А он наклонился, вынул топор из бревна, привычно глянул на острие, тронув его
легонько пальцем и с размаху всадил топор в ствол дерева.
– Мне нечего встреваться в эту затею, Макора Тихоновна, – сказал он, обернувшись. – Я
уж один, в усторонье...
Макоре хотелось сказать Егору, что он неправ, что добиться настоящего успеха можно
только коллективно, а не в одиночку. Но он уже не слушал, захваченный работой. Она
шагнула в сторону, оберегаясь от щеп, брызгавших из-под топора, постояла, невольно
любуясь ловкостью и силой ударов. А сама думала: «Ты всё такой же отсталый, Егор...
Неужели таким и останешься?»
Обратным путем в поселок Макора шла по делянкам, мимо работающих лесорубов. Они
её окликали, здоровались, заговаривали. Она отвечала рассеянно, погруженная в свою думу.
Неужели он такой заскорузлый собственник и единоличник? Егор, Егор! Как бы тебе открыть
глаза? А кто будет открывать? Ты, Макора? Тоже мне открывательница... Она стала
уничижать себя за свою нерешительность, безрукость и отсталость... Да, да, отсталость.
Потому что глупа... глупа... глупа...
Макора села на пенёк и заплакала...
– Эгей! Член рабочкома в горьких слезах...
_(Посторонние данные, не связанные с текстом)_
(* Let $F$ be a field and $n_1,n_2,n_3,n_4$ positive integers; write $\mathrm{Mat}_{a,b}$ for $a\times b$ matrices over $F$. (1) Let $T_{42}\in\mathrm{Mat}_{n_4,n_2}$ and $T_{31}\in\mathrm{Mat}_{n_3,n_1}$. Then the subspace $\{X_{23}\in\mathrm{Mat}_{n_2,n_3} : T_{42}X_{23}=0,\ X_{23}T_{31}=0\}$ has codimension $n_3\operatorname{rank}(T_{42})+n_2\operatorname{rank}(T_{31})-\operatorname{rank}(T_{31})\operatorname{rank}(T_{42})$ in $\mathrm{Mat}_{n_2,n_3}$. (2) Let $T_{31}\in\mathrm{Mat}_{n_3,n_1}$, $T_{42}\in\mathrm{Mat}_{n_4,n_2}$, $T_{41}\in\mathrm{Mat}_{n_4,n_1}$, and assume that the row spaces of $T_{31}$ and $T_{41}$ (subspaces of $F^{n_1}$) intersect trivially and that the column spaces of $T_{42}$ and $T_{41}$ (subspaces of $F^{n_4}$) intersect trivially. Then the subspace $\{(X_{12},X_{34})\in\mathrm{Mat}_{n_1,n_2}\times\mathrm{Mat}_{n_3,n_4} : T_{31}X_{12}=X_{34}T_{42},\ T_{41}X_{12}=0,\ X_{34}T_{41}=0\}$ has codimension $\operatorname{rank}(T_{41})n_2+\operatorname{rank}(T_{41})n_3+\operatorname{rank}(T_{31})\operatorname{rank}(T_{42})+(n_2-\operatorname{rank}(T_{42}))\operatorname{rank}(T_{31})+(n_3-\operatorname{rank}(T_{31}))\operatorname{rank}(T_{42})$ in $\mathrm{Mat}_{n_1,n_2}\times\mathrm{Mat}_{n_3,n_4}$. *)

From HB Require Import structures.
From mathcomp Require Import all_boot all_order all_algebra.
Set Implicit Arguments. Unset Strict Implicit. Unset Printing Implicit Defensive.
Import GRing.Theory.

From HB Require Import structures.
From mathcomp Require Import all_boot all_order all_algebra.
From mathcomp Require Import zify.
Set Implicit Arguments. Unset Strict Implicit. Unset Printing Implicit Defensive.
Import GRing.Theory.
Local Open Scope ring_scope.

(* The matrices X with X^T <= S and X <= R are exactly the Sb^T Y Rb, where Sb
   and Rb are row bases of S and R; hence they form a space of dimension
   rank S * rank R.  Part (1) is the case S = ker T42^T, R = ker T31.
   For (2), apply rank-nullity successively to X |-> T41 X1, X |-> X2 T41 and
   X |-> T31 X1 - X2 T42.  The first two have images of dimensions r41 n2 and
   n3 r41.  On their common kernel the third has image
   {T31 A} + {B T42}, of dimension r31 n2 + n3 r42 - r31 r42: the trivial
   intersections provide projections fixing T31 (resp. T42) and killing T41,
   so every T31 A + B T42 is reached from inside that kernel. *)

Section ColRowSpace.
Variables (F : fieldType) (m n : nat).

Section Sandwich.
Variables (r s : nat) (A : 'M[F]_(r, m)) (B : 'M[F]_(s, n)).

Let sandwich := linfun (mulmxr B \o mulmx A^T).

Lemma mem_limg_sandwich X :
  (X \in limg sandwich) = (X^T <= A)%MS && (X <= B)%MS.
Proof.
apply/memv_imgP/andP => [[Y _ ->] | [sXA sXB]].
  by rewrite lfunE /= !trmx_mul trmxK mulmxA; split; apply: submxMl.
exists ((X^T *m pinvmx A)^T *m pinvmx B); first exact: memvf.
by rewrite lfunE /= mulmxA -trmx_mul (mulmxKpV sXA) trmxK (mulmxKpV sXB).
Qed.

Lemma dim_limg_sandwich :
  row_free A -> row_free B -> \dim (limg sandwich) = (r * s)%N.
Proof.
move=> frA frB; rewrite limg_dim_eq ?dimvf ?dim_matrix // capfv.
apply/eqP/lker0P => Y1 Y2; rewrite !lfunE /= => /(row_free_inj frB).
move/(congr1 trmx); rewrite !trmx_mul !trmxK => /(row_free_inj frA).
by move/(congr1 trmx); rewrite !trmxK.
Qed.

End Sandwich.

Definition colrow_mxspace p q (S : 'M[F]_(p, m)) (R : 'M[F]_(q, n))
  : {vspace 'M[F]_(m, n)} :=
  limg (linfun (mulmxr (row_base R) \o mulmx (row_base S)^T)).

Lemma colrow_mxspaceP p q (S : 'M[F]_(p, m)) (R : 'M[F]_(q, n)) X :
  (X \in colrow_mxspace S R) = (X^T <= S)%MS && (X <= R)%MS.
Proof. by rewrite mem_limg_sandwich !eq_row_base. Qed.

Lemma dim_colrow_mxspace p q (S : 'M[F]_(p, m)) (R : 'M[F]_(q, n)) :
  \dim (colrow_mxspace S R) = (\rank S * \rank R)%N.
Proof. by rewrite dim_limg_sandwich ?row_base_free. Qed.

Lemma colrow_mxspace_cap p q (S : 'M[F]_(p, m)) (R : 'M[F]_(q, n)) :
  (colrow_mxspace S 1%:M :&: colrow_mxspace 1%:M R)%VS = colrow_mxspace S R.
Proof.
by apply/vspaceP => X; rewrite memv_cap !colrow_mxspaceP !submx1 andbT.
Qed.

End ColRowSpace.

Section TwoSidedKernel.
Variables (F : fieldType) (m n p q : nat) (T : 'M[F]_(p, m)) (U : 'M[F]_(n, q)).

Definition two_sided_kernel : {vspace 'M[F]_(m, n)} :=
  colrow_mxspace (kermx T^T) (kermx U).

Lemma mem_two_sided_kernel X :
  (X \in two_sided_kernel) = (T *m X == 0) && (X *m U == 0).
Proof.
rewrite colrow_mxspaceP !sub_kermx -trmx_mul; congr andb.
by rewrite -trmx0 (inj_eq trmx_inj).
Qed.

Lemma dim_two_sided_kernel :
  \dim two_sided_kernel = ((m - \rank T) * (n - \rank U))%N.
Proof. by rewrite dim_colrow_mxspace !mxrank_ker mxrank_tr. Qed.

End TwoSidedKernel.

Lemma cap0_projector (F : fieldType) (m p n : nat)
    (A : 'M[F]_(m, n)) (C : 'M[F]_(p, n)) :
  (A :&: C)%MS == 0 -> exists2 P : 'M[F]_n, A *m P = A & C *m P = 0.
Proof.
move=> /eqP AC0.
have genAC0 : (<<A>> :&: <<C>> = 0)%MS.
  by apply/eqP; rewrite -submx0 (cap_eqmx (genmxE _) (genmxE _)) AC0 submx_refl.
by exists (proj_mx <<A>>%MS <<C>>%MS); [apply: proj_mx_id | apply: proj_mx_0];
  rewrite ?genmxE.
Qed.

Section CoupledSpace.
Variables (F : fieldType) (n1 n2 n3 n4 : nat).
Variables (T31 : 'M[F]_(n3, n1)) (T42 : 'M[F]_(n4, n2)) (T41 : 'M[F]_(n4, n1)).
Hypothesis rows_disjoint : (T31 :&: T41)%MS == 0.
Hypothesis cols_disjoint : (T42^T :&: T41^T)%MS == 0.

Local Notation Dom := ('M[F]_(n1, n2) * 'M[F]_(n3, n4))%type.

Let left_ann := linfun (mulmx T41 \o fst : Dom -> _).
Let right_ann := linfun (mulmxr T41 \o snd : Dom -> _).
Let coupling := linfun (mulmx T31 \o fst : Dom -> _) - linfun (mulmxr T42 \o snd).
Let K := (lker left_ann :&: lker right_ann)%VS.

Definition coupled_space : {vspace Dom} := (K :&: lker coupling)%VS.

Lemma mem_coupled_space X : (X \in coupled_space) =
  [&& T31 *m X.1 == X.2 *m T42, T41 *m X.1 == 0 & X.2 *m T41 == 0].
Proof.
by rewrite !memv_cap !memv_ker add_lfunE opp_lfunE !lfunE subr_eq0 andbC.
Qed.

Lemma limg_left_ann : (left_ann @: fullv)%VS = colrow_mxspace T41^T 1%:M.
Proof.
apply/vspaceP => Y; rewrite colrow_mxspaceP submx1 andbT.
apply/memv_imgP/submxP => [[X _ ->] | [D eY]].
  by exists X.1^T; rewrite lfunE trmx_mul.
by exists (D^T, 0); rewrite ?memvf // lfunE /= -[Y]trmxK eY trmx_mul trmxK.
Qed.

Lemma limg_right_ann : (right_ann @: lker left_ann)%VS = colrow_mxspace 1%:M T41.
Proof.
apply/vspaceP => Y; rewrite colrow_mxspaceP submx1.
apply/memv_imgP/submxP => [[X _ ->] | [D ->]]; first by exists X.2; rewrite lfunE.
by exists (0, D); rewrite ?lfunE // memv_ker lfunE /= mulmx0.
Qed.

Lemma limg_coupling :
  (coupling @: K)%VS = (colrow_mxspace T31^T 1%:M + colrow_mxspace 1%:M T42)%VS.
Proof.
have [P P31 P41] := cap0_projector rows_disjoint.
have [Q Q42 Q41] := cap0_projector cols_disjoint.
apply/vspaceP => Y; apply/memv_imgP/memv_addP => [[X _ ->] | ].
  rewrite add_lfunE opp_lfunE !lfunE /=.
  exists (T31 *m X.1); first by rewrite colrow_mxspaceP submx1 trmx_mul submxMl.
  by exists (- (X.2 *m T42)); rewrite // colrow_mxspaceP submx1 -mulNmx submxMl.
case=> u; rewrite colrow_mxspaceP submx1 andbT => /submxP[A eu] [v].
rewrite colrow_mxspaceP submx1 => /submxP[B ->] ->.
have QtT42 : Q^T *m T42 = T42 by rewrite -[T42]trmxK -trmx_mul Q42.
have QtT41 : Q^T *m T41 = 0 by rewrite -[T41]trmxK -trmx_mul Q41 trmx0.
exists (P *m A^T, - (B *m Q^T)).
  rewrite !memv_cap !memv_ker !lfunE /= mulmxA P41 mul0mx eqxx /=.
  by rewrite mulNmx -mulmxA QtT41 mulmx0 oppr0.
rewrite add_lfunE opp_lfunE !lfunE /= mulmxA P31 mulNmx opprK -mulmxA QtT42.
by rewrite -[u]trmxK eu trmx_mul trmxK.
Qed.

Lemma dim_coupled_space :
  (\rank T41 * n2 + \rank T41 * n3 + \rank T31 * \rank T42
   + (n2 - \rank T42) * \rank T31 + (n3 - \rank T31) * \rank T42
   + \dim coupled_space = n1 * n2 + n3 * n4)%N.
Proof.
have := limg_ker_dim left_ann fullv; rewrite capfv limg_left_ann.
have := limg_ker_dim right_ann (lker left_ann); rewrite limg_right_ann.
have := limg_ker_dim coupling K; rewrite limg_coupling.
have := dimv_sum_cap (colrow_mxspace T31^T 1%:M) (colrow_mxspace 1%:M T42).
rewrite colrow_mxspace_cap !dim_colrow_mxspace !mxrank_tr !mxrank1 dimvf.
have -> : dim Dom = (n1 * n2 + n3 * n4)%N by [].
rewrite /coupled_space -/K.
set l := \dim (lker left_ann); set k := \dim K.
set c := \dim (_ + _)%VS; set d := \dim (K :&: _)%VS.
have := rank_leq_col T42; have := rank_leq_row T31; nia.
Qed.

End CoupledSpace.

Theorem lemma3p3 (F : fieldType) (n1 n2 n3 n4 : nat)
  (hn1 : (0 < n1)%N) (hn2 : (0 < n2)%N) (hn3 : (0 < n3)%N) (hn4 : (0 < n4)%N) :
  (* (1) *)
  (forall (T42 : 'M[F]_(n4, n2)) (T31 : 'M[F]_(n3, n1)),
     exists V : {vspace 'M[F]_(n2, n3)},
       (forall X : 'M[F]_(n2, n3),
          (X \in V) = (T42 *m X == 0) && (X *m T31 == 0)) /\
       ((\dim {: 'M[F]_(n2, n3)})%:Z - (\dim V)%:Z
        = (n3 * \rank T42 + n2 * \rank T31)%:Z - (\rank T31 * \rank T42)%:Z)%R)
  /\
  (* (2) *)
  (forall (T31 : 'M[F]_(n3, n1)) (T42 : 'M[F]_(n4, n2)) (T41 : 'M[F]_(n4, n1)),
     (T31 :&: T41)%MS == 0 ->
     (T42^T :&: T41^T)%MS == 0 ->
     exists V : {vspace ('M[F]_(n1, n2) * 'M[F]_(n3, n4))%type},
       (forall X : ('M[F]_(n1, n2) * 'M[F]_(n3, n4))%type,
          (X \in V) = [&& T31 *m X.1 == X.2 *m T42,
                          T41 *m X.1 == 0 & X.2 *m T41 == 0]) /\
       ((\dim {: ('M[F]_(n1, n2) * 'M[F]_(n3, n4))%type})%:Z - (\dim V)%:Z
        = (\rank T41 * n2 + \rank T41 * n3 + \rank T31 * \rank T42
           + (n2 - \rank T42) * \rank T31
           + (n3 - \rank T31) * \rank T42)%N%:Z)%R).
Proof.
split=> [T42 T31 | T31 T42 T41 rows_disjoint cols_disjoint].
  exists (two_sided_kernel T42 T31); split; first exact: mem_two_sided_kernel.
  rewrite dim_two_sided_kernel dimvf dim_matrix.
  have := rank_leq_col T42; have := rank_leq_row T31; nia.
exists (coupled_space T31 T42 T41); split; first exact: mem_coupled_space.
rewrite dimvf (_ : dim _ = n1 * n2 + n3 * n4)%N //.
by rewrite -(dim_coupled_space rows_disjoint cols_disjoint) PoszD addrK.
Qed.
Из-за ёлки показался Синяков.
Глава вторая
„КАКАЯ ОНА ТАКАЯ - КОММУНИЗМА?"
1
Собрание было назначено в том же бараке, где когда-то судили Бережного. Он вспомнил
об этом, пробираясь между скамей, заполненных лесорубами. Места были в первых рядах, но
Егор не захотел туда. На виду у всех сидеть? Оборони бог... Вот Ваське Белому там в самую
пору, пущай покрасуется, он это любит. Забравшись в угол за печку, Егор с усмешкой
наблюдал, как Васька Белый, действуя острыми локтями, назойливо стремился пробиться
вперёд среди стоящих в проходе. И ведь пробился! Сел на первую скамью, снял шапку,
расправил усёнки и принял горделивую позу, изображая на лице важность и солидность.
Ещё до начала собрания в бараке сделалось так душно и дымно, что становилось трудно
дышать.
– Граждане, куренье прекратите! – громко крикнул Иван Иванович из переднего угла. –
Ишь, густота какая...
Он помахал рукой в воздухе. Навстречу ему протянулась другая рука, с шапкой.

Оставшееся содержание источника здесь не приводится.